Task statement —
First find the line with "by rewrite -cardS; apply: circ_alpha_ge." in the entries below, then set down exactly every line through the line with "have sub1 : (fun", that line included.

Start of Input records

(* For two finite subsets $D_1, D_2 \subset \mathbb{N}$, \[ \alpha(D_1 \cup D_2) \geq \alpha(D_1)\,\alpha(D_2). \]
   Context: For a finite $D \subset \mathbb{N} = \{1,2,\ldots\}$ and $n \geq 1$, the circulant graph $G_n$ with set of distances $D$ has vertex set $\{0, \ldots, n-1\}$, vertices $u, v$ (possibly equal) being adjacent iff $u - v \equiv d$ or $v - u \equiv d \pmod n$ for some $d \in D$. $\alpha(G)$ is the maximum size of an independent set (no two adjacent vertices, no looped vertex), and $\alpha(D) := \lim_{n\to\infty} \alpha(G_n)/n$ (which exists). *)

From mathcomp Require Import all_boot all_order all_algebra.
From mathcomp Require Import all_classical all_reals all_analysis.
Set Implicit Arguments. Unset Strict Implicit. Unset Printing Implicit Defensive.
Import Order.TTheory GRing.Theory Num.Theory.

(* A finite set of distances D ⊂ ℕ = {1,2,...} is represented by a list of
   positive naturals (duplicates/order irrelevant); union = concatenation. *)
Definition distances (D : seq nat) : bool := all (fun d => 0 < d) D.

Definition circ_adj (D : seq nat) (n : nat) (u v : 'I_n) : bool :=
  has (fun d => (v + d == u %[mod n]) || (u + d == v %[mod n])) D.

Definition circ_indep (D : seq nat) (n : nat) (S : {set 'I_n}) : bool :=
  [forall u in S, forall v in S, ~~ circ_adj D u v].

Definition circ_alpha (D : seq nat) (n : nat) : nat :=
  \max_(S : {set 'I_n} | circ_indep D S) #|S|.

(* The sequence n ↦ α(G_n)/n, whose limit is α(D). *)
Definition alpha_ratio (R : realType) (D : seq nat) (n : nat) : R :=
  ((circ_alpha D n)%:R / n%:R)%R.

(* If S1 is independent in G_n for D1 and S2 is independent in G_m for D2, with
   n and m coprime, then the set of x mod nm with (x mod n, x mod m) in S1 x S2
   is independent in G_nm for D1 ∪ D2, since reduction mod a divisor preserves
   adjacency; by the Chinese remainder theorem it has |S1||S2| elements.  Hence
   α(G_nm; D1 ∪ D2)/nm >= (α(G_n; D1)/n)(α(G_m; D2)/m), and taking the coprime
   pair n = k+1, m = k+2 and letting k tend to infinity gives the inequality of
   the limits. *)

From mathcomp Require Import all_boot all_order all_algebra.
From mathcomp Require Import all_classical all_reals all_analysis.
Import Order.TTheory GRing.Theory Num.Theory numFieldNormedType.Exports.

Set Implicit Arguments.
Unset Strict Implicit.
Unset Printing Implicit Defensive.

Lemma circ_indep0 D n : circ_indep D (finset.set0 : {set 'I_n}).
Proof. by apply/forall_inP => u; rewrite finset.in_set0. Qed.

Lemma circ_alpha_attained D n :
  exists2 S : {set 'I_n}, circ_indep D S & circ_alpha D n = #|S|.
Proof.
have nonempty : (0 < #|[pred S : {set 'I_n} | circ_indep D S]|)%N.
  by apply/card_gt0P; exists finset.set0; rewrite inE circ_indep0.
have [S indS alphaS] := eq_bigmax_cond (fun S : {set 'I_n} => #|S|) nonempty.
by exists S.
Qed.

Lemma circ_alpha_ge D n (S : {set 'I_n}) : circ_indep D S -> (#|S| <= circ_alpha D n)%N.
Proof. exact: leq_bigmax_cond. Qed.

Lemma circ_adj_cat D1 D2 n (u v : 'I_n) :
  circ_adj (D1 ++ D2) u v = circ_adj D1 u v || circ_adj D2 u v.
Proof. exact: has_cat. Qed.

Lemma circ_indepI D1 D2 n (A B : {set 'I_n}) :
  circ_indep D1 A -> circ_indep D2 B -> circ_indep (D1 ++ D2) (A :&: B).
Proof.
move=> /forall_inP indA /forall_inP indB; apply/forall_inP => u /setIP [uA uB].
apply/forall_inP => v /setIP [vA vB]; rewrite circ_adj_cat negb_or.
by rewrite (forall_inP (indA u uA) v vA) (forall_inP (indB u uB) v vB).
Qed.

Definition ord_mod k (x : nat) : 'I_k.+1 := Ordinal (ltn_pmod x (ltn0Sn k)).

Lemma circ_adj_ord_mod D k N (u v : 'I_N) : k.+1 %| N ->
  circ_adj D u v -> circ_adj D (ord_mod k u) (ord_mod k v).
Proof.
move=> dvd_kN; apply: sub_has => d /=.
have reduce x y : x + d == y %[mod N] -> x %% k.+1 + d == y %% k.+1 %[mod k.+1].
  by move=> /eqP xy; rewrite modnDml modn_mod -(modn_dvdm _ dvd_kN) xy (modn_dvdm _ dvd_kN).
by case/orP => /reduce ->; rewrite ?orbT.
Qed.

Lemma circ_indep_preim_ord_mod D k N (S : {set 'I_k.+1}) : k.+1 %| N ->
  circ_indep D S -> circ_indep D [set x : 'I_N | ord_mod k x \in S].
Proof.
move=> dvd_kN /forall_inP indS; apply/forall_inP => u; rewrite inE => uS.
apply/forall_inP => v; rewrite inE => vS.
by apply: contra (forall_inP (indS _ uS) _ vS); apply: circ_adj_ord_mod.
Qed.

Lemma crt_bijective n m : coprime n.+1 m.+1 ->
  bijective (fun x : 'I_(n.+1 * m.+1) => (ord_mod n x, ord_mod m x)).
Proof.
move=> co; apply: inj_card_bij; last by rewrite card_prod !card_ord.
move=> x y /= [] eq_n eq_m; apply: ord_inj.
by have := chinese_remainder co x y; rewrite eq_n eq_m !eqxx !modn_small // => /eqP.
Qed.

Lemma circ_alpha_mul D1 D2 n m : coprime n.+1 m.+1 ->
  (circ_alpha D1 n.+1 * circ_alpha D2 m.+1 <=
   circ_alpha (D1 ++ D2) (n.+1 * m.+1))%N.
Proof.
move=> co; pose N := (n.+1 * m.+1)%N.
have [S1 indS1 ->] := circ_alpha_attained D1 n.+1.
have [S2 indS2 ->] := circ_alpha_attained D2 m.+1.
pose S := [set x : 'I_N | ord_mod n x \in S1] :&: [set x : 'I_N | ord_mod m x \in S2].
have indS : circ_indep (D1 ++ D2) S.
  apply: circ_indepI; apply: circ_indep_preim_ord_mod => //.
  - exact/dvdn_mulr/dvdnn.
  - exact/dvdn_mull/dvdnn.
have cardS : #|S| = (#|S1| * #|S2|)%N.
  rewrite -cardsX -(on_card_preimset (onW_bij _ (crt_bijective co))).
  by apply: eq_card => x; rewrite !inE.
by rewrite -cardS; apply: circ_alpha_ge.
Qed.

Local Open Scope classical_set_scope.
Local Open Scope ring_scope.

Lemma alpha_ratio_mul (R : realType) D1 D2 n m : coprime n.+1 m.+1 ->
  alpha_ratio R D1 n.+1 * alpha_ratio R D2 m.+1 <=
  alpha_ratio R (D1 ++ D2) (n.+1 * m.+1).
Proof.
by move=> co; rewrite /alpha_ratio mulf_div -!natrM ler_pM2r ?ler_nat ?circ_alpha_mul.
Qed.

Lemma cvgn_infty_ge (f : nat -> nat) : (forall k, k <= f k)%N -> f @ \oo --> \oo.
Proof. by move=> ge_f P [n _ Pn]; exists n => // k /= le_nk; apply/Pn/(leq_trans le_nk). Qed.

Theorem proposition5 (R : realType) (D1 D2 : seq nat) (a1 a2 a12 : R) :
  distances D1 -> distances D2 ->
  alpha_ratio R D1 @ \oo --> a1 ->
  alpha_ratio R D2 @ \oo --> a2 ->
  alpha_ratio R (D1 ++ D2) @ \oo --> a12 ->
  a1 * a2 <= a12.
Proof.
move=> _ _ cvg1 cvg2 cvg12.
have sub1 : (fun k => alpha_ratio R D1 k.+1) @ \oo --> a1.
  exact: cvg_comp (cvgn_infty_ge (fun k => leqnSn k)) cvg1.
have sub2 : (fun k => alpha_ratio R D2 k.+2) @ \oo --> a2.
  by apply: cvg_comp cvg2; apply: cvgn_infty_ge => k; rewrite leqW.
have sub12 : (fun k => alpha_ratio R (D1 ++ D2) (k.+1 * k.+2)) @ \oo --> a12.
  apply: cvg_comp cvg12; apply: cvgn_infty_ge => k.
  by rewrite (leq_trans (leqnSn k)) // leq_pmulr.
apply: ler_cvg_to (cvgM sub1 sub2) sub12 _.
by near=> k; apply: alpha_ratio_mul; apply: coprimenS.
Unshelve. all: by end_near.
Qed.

End of Input records

Answer to the problem —
by rewrite -cardS; apply: circ_alpha_ge.
Qed.

Local Open Scope classical_set_scope.
Local Open Scope ring_scope.

Lemma alpha_ratio_mul (R : realType) D1 D2 n m : coprime n.+1 m.+1 ->
  alpha_ratio R D1 n.+1 * alpha_ratio R D2 m.+1 <=
  alpha_ratio R (D1 ++ D2) (n.+1 * m.+1).
Proof.
by move=> co; rewrite /alpha_ratio mulf_div -!natrM ler_pM2r ?ler_nat ?circ_alpha_mul.
Qed.

Lemma cvgn_infty_ge (f : nat -> nat) : (forall k, k <= f k)%N -> f @ \oo --> \oo.
Proof. by move=> ge_f P [n _ Pn]; exists n => // k /= le_nk; apply/Pn/(leq_trans le_nk). Qed.

Theorem proposition5 (R : realType) (D1 D2 : seq nat) (a1 a2 a12 : R) :
  distances D1 -> distances D2 ->
  alpha_ratio R D1 @ \oo --> a1 ->
  alpha_ratio R D2 @ \oo --> a2 ->
  alpha_ratio R (D1 ++ D2) @ \oo --> a12 ->
  a1 * a2 <= a12.
Proof.
move=> _ _ cvg1 cvg2 cvg12.
have sub1 : (fun k => alpha_ratio R D1 k.+1) @ \oo --> a1.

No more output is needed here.